Het kwam mij voor dat het groene Protocol een leven lang zoeken bevatte naar antwoorden op de ongelukken die onverbiddelijk doorgegeven worden van generatie op generatie – alsof een hogere macht wilde dat het menselijk ras nooit van zijn fouten zou leren en dus ook nooit in staat zou zijn om de blunders van de vorige generatie te corrigeren.
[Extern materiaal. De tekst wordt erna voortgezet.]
(* In the two-graph Moran process: (i) there is a pair of graph families $G_R,G_M$ (one pair on $n$ vertices for each $n$) such that, for constant relative fitness $r$, the fixation probability $f_{G_R,G_M}$ is $o(a^{-n})$ for some constant $a>1$; (ii) there is a pair of graph families $G_R',G_M'$ such that, for every constant $r>0$, the fixation probability $f_{G_R',G_M'}$ is at least $1-O(1/n)$.
   Context: Two-graph Moran process: vertex set $V=\{1,\dots,n\}$; resident graph $G_R=(V,E_R)$ and mutant graph $G_M=(V,E_M)$, strongly connected, with row-stochastic weight matrices $W_R=[w^R_{ij}]$, $W_M=[w^M_{ij}]$ ($w^R_{ij}>0$ iff $(i,j)\in E_R$, similarly for $M$). The state is the mutant set $S$; residents have fitness $1$, mutants fitness $r>0$. Each step a vertex $i$ is chosen with probability proportional to fitness; if $i$ is a mutant, it picks $j$ with probability $w^M_{ij}$ and $j$ becomes a mutant; if a resident, it picks $j$ with probability $w^R_{ij}$ and $j$ becomes a resident. Absorption at $S=\emptyset$ or $S=V$ (fixation). The fixation probability is the probability of fixation when starting with one mutant at a uniformly random vertex. Asymptotic notation is with respect to $n\to\infty$. *)

From HB Require Import structures.
From mathcomp Require Import all_boot all_order all_algebra.
From mathcomp Require Import all_classical all_reals all_analysis.
Set Implicit Arguments. Unset Strict Implicit. Unset Printing Implicit Defensive.
Import Order.TTheory GRing.Theory Num.Theory numFieldNormedType.Exports.
Local Open Scope ring_scope.

(* A weighted directed graph on V = 'I_n is given by its weight matrix W:
   the edge set is {(i,j) | 0 < W i j}. *)
Definition edge_rel (R : realType) (n : nat) (W : 'M[R]_n) : rel 'I_n :=
  fun i j => 0 < W i j.

Definition valid_graph (R : realType) (n : nat) (W : 'M[R]_n) : Prop :=
  (forall i j, 0 <= W i j) /\
  (forall i, \sum_j W i j = 1) /\
  (forall i j, connect (edge_rel W) i j).

(* Fitness of vertex i in state S (S = set of mutants). *)
Definition fitness (R : realType) (n : nat) (r : R) (S : {set 'I_n}) (i : 'I_n) : R :=
  if i \in S then r else 1.

Definition total_fitness (R : realType) (n : nat) (r : R) (S : {set 'I_n}) : R :=
  \sum_i fitness r S i.

(* Next state when i is chosen for reproduction and j is the target. *)
Definition next_state (n : nat) (S : {set 'I_n}) (i j : 'I_n) : {set 'I_n} :=
  if i \in S then j |: S else S :\ j.

Definition trans_prob (R : realType) (n : nat) (WR WM : 'M[R]_n) (r : R)
  (S T : {set 'I_n}) : R :=
  \sum_i \sum_j (fitness r S i / total_fitness r S) *
                (if i \in S then WM i j else WR i j) *
                (next_state S i j == T)%:R.

Fixpoint full_at (R : realType) (n : nat) (WR WM : 'M[R]_n) (r : R) (t : nat)
  (S : {set 'I_n}) : R :=
  match t with
  | 0 => (S == [set: 'I_n])%:R
  | t'.+1 => \sum_T trans_prob WR WM r S T * full_at WR WM r t' T
  end.

(* Absorption probability at V (fixation), started from S: since V is absorbing,
   the probability of having fixated by time t is nondecreasing in t, and the
   fixation probability is its limit. *)
Definition fixation_from (R : realType) (n : nat) (WR WM : 'M[R]_n) (r : R)
  (S : {set 'I_n}) : R :=
  limn (fun t => full_at WR WM r t S).

Definition fixation_prob (R : realType) (n : nat) (WR WM : 'M[R]_n) (r : R) : R :=
  (n%:R)^-1 * \sum_i fixation_from WR WM r [set i].

From HB Require Import structures.
From mathcomp Require Import all_boot all_order all_algebra.
From mathcomp Require Import all_classical all_reals all_analysis.
From mathcomp Require Import ring lra zify.
Import Order.TTheory GRing.Theory Num.Theory numFieldNormedType.Exports.
Set Implicit Arguments. Unset Strict Implicit. Unset Printing Implicit Defensive.

(** Both constructions use complete graphs in which every edge has weight [b]
   and every vertex has an extra self-loop of weight [a], with [a + b n = 1].
   On such graphs a mutant birth adds a mutant with probability [b (n - k)]
   and a resident birth removes one with probability [b k], where [k] is the
   number of mutants, so [x ^ k] changes in expectation by the factor
   [1 + k (n - k) D(x) / F] with [F] the total fitness and
   [D(x) = (x - 1) r b_M + (x^-1 - 1) b_R].
   In (i) residents use the uniform complete graph and mutants keep almost
   all of their weight on the self-loop; for [n >= 4 r] we get [D(4) <= 0], so
   [4 ^ k] is a supermartingale and fixation from one mutant has probability
   at most [4 ^ (1 - n)].  In (ii) the roles are exchanged: [(r n) ^ -k] is a
   martingale, which bounds extinction by [1 / (r n)], and [D(1/2) < 0] makes
   [2 ^ (n - k)] contract by a fixed factor away from the absorbing states,
   so the process is absorbed almost surely. *)

Local Open Scope ring_scope.

Lemma total_fitnessE (R : realType) n (r : R) (S : {set 'I_n}) :
  total_fitness r S = r * #|S|%:R + #|~: S|%:R.
Proof.
rewrite /total_fitness (bigID (mem S)) /=.
rewrite (eq_bigr (fun _ => r)); last by move=> i iS; rewrite /fitness iS.
rewrite [X in _ + X](eq_bigr (fun _ => 1)); last first.
  by move=> i /negbTE iS; rewrite /fitness iS.
rewrite !sumr_const mulr_natr; congr (_ + _).
by apply/congr1/eq_card => i; rewrite !inE.
Qed.

Lemma total_fitness_gt0 (R : realType) n (r : R) (S : {set 'I_n}) :
  0 < r -> (0 < n)%N -> 0 < total_fitness r S.
Proof.
move=> r_gt0 n_gt0; rewrite total_fitnessE.
have := cardsC S; rewrite card_ord => kmE.
case: (posnP #|S|) => [S0|S_gt0].
  by rewrite S0 mulr0 add0r ltr0n; lia.
by rewrite ltr_wpDr // mulr_gt0 // ltr0n.
Qed.

Definition superharmonic (R : realType) n (WR WM : 'M[R]_n) (r : R)
    (phi : {set 'I_n} -> R) :=
  forall S, \sum_T trans_prob WR WM r S T * phi T <= phi S.

Section TwoGraphChain.
Variables (R : realType) (n : nat) (WR WM : 'M[R]_n) (r : R).
Local Notation P := (trans_prob WR WM r).
Local Notation full := [set: 'I_n]%SET.

Lemma sum_trans_probE S (g : {set 'I_n} -> R) :
  \sum_T P S T * g T =
  \sum_i fitness r S i / total_fitness r S *
    \sum_j (if i \in S then WM i j else WR i j) * g (next_state S i j).
Proof.
rewrite /trans_prob; under eq_bigr do rewrite big_distrl /=.
rewrite exchange_big /=; apply: eq_bigr => i _.
rewrite big_distrr /=; under eq_bigr do rewrite big_distrl /=.
rewrite exchange_big /=; apply: eq_bigr => j _.
rewrite (bigD1 (next_state S i j)) //= eqxx mulr1 big1 ?addr0 ?mulrA //.
by move=> T /negbTE; rewrite eq_sym => ->; rewrite mulr0 mul0r.
Qed.

Hypotheses (WR_ge0 : forall i j, 0 <= WR i j) (WM_ge0 : forall i j, 0 <= WM i j).
Hypotheses (WR_sum1 : forall i, \sum_j WR i j = 1) (WM_sum1 : forall i, \sum_j WM i j = 1).
Hypotheses (r_gt0 : 0 < r) (n_gt0 : (0 < n)%N).

Lemma trans_prob_ge0 S T : 0 <= P S T.
Proof.
apply: sumr_ge0 => i _; apply: sumr_ge0 => j _.
rewrite !mulr_ge0 ?ler0n ?invr_ge0 ?(ltW (total_fitness_gt0 _ _ _)) //.
  by rewrite /fitness; case: ifP => _; rewrite ?ler01 ?ltW.
by case: ifP.
Qed.

Lemma sum_trans_prob_next_const S (g : {set 'I_n} -> R) c :
  (forall i j, g (next_state S i j) = c) -> \sum_T P S T * g T = c.
Proof.
move=> gE; rewrite sum_trans_probE -[RHS]mul1r.
have <- : \sum_i fitness r S i / total_fitness r S = 1.
  by rewrite -mulr_suml mulfV // gt_eqF // total_fitness_gt0.
rewrite mulr_suml; apply: eq_bigr => i _; congr (_ * _).
under eq_bigr do rewrite gE.
by rewrite -big_distrl /=; case: (i \in S); rewrite ?WR_sum1 ?WM_sum1 mul1r.
Qed.

Lemma sum_trans_prob_const S c : \sum_T P S T * c = c.
Proof. exact: sum_trans_prob_next_const. Qed.

Lemma sum_trans_prob_setT (g : {set 'I_n} -> R) : \sum_T P full T * g T = g full.
Proof. by apply: sum_trans_prob_next_const => i j; rewrite /next_state inE finset.setUT. Qed.

Lemma full_at_ge0 t S : 0 <= full_at WR WM r t S.
Proof.
elim: t S => [|t IH] S /=; first exact: ler0n.
by apply: sumr_ge0 => T _; rewrite mulr_ge0 ?trans_prob_ge0.
Qed.

Lemma full_at_le1 t S : full_at WR WM r t S <= 1.
Proof.
elim: t S => [|t IH] S /=; first by case: (S == _).
rewrite -[X in _ <= X](sum_trans_prob_const S 1); apply: ler_sum => T _.
by rewrite ler_wpM2l ?trans_prob_ge0.
Qed.

Lemma full_at_setT t : full_at WR WM r t full = 1.
Proof. by elim: t => [|t IH] /=; rewrite ?eqxx // sum_trans_prob_setT IH. Qed.

Lemma full_at_nondecreasing S : nondecreasing_seq (full_at WR WM r ^~ S).
Proof.
apply/nondecreasing_seqP => t; elim: t S => [|t IH] S.
  rewrite [X in X <= _]/=; case: eqP => [->|_]; first by rewrite full_at_setT.
  exact: full_at_ge0.
by apply: ler_sum => T _; rewrite ler_wpM2l ?trans_prob_ge0.
Qed.

Lemma full_at_cvg S : cvgn (full_at WR WM r ^~ S).
Proof.
apply: nondecreasing_is_cvgn; first exact: full_at_nondecreasing.
by exists 1 => _ [t _ <-]; exact: full_at_le1.
Qed.

Lemma full_at_le_fixation_from t S : full_at WR WM r t S <= fixation_from WR WM r S.
Proof. exact: (nondecreasing_cvgn_le (@full_at_nondecreasing S) (@full_at_cvg S) t). Qed.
Integendeel, ze worden van generatie op generatie tot in het waanzinnige herhaald als een onafwendbare vloek.
De speciaal uitverkoren kinderen, degenen met de grootste behoefte aan hulp, waren juist de kinderen die ze het langst in de Olifantjeskamer liet verblijven, waar ze haar en Gerda Jensens speciale bescherming en zorg ontvingen. Ze beschreef hoe ze hen uitkoos, aan welke verwaarlozing ze doorgaans waren blootgesteld en welke herstellende slagen met de grote reparatiehamer ze had gepland, met het doel hen verder te brengen in het leven, in een enigszins bruikbare vorm.
Een jongetje had ouders die beiden alcoholist waren – en een meisje (dat nooit een woord zei) had men geprobeerd te verwijderen met een stalen tang, voordat de autoriteiten haar in een ziekenhuis lieten verlossen (terwijl de moeder stierf). Een derde kindje was zo ondervoed dat niemand dacht dat het kon leven – en zo marcheerden al deze scheefruggige, halfbakken wezens over de pagina’s van het Protocol, net als de olifantjes in het lied van Magna, in een schijnbaar oneindige reeks.
Maar toen veranderde het. Van het voorjaar van 1961 tot aan de zomer van 1962 week ze van dit patroon af: ze liet de Olifantjeskamer het kader om het leven van zeven kinderen zijn – waarvan er slechts een haar vindingrijkheid en speciale vaardigheden echt nodig had – namelijk ik, het vondelingetje dat op de stoep van het zuidelijke bijgebouw was gevonden.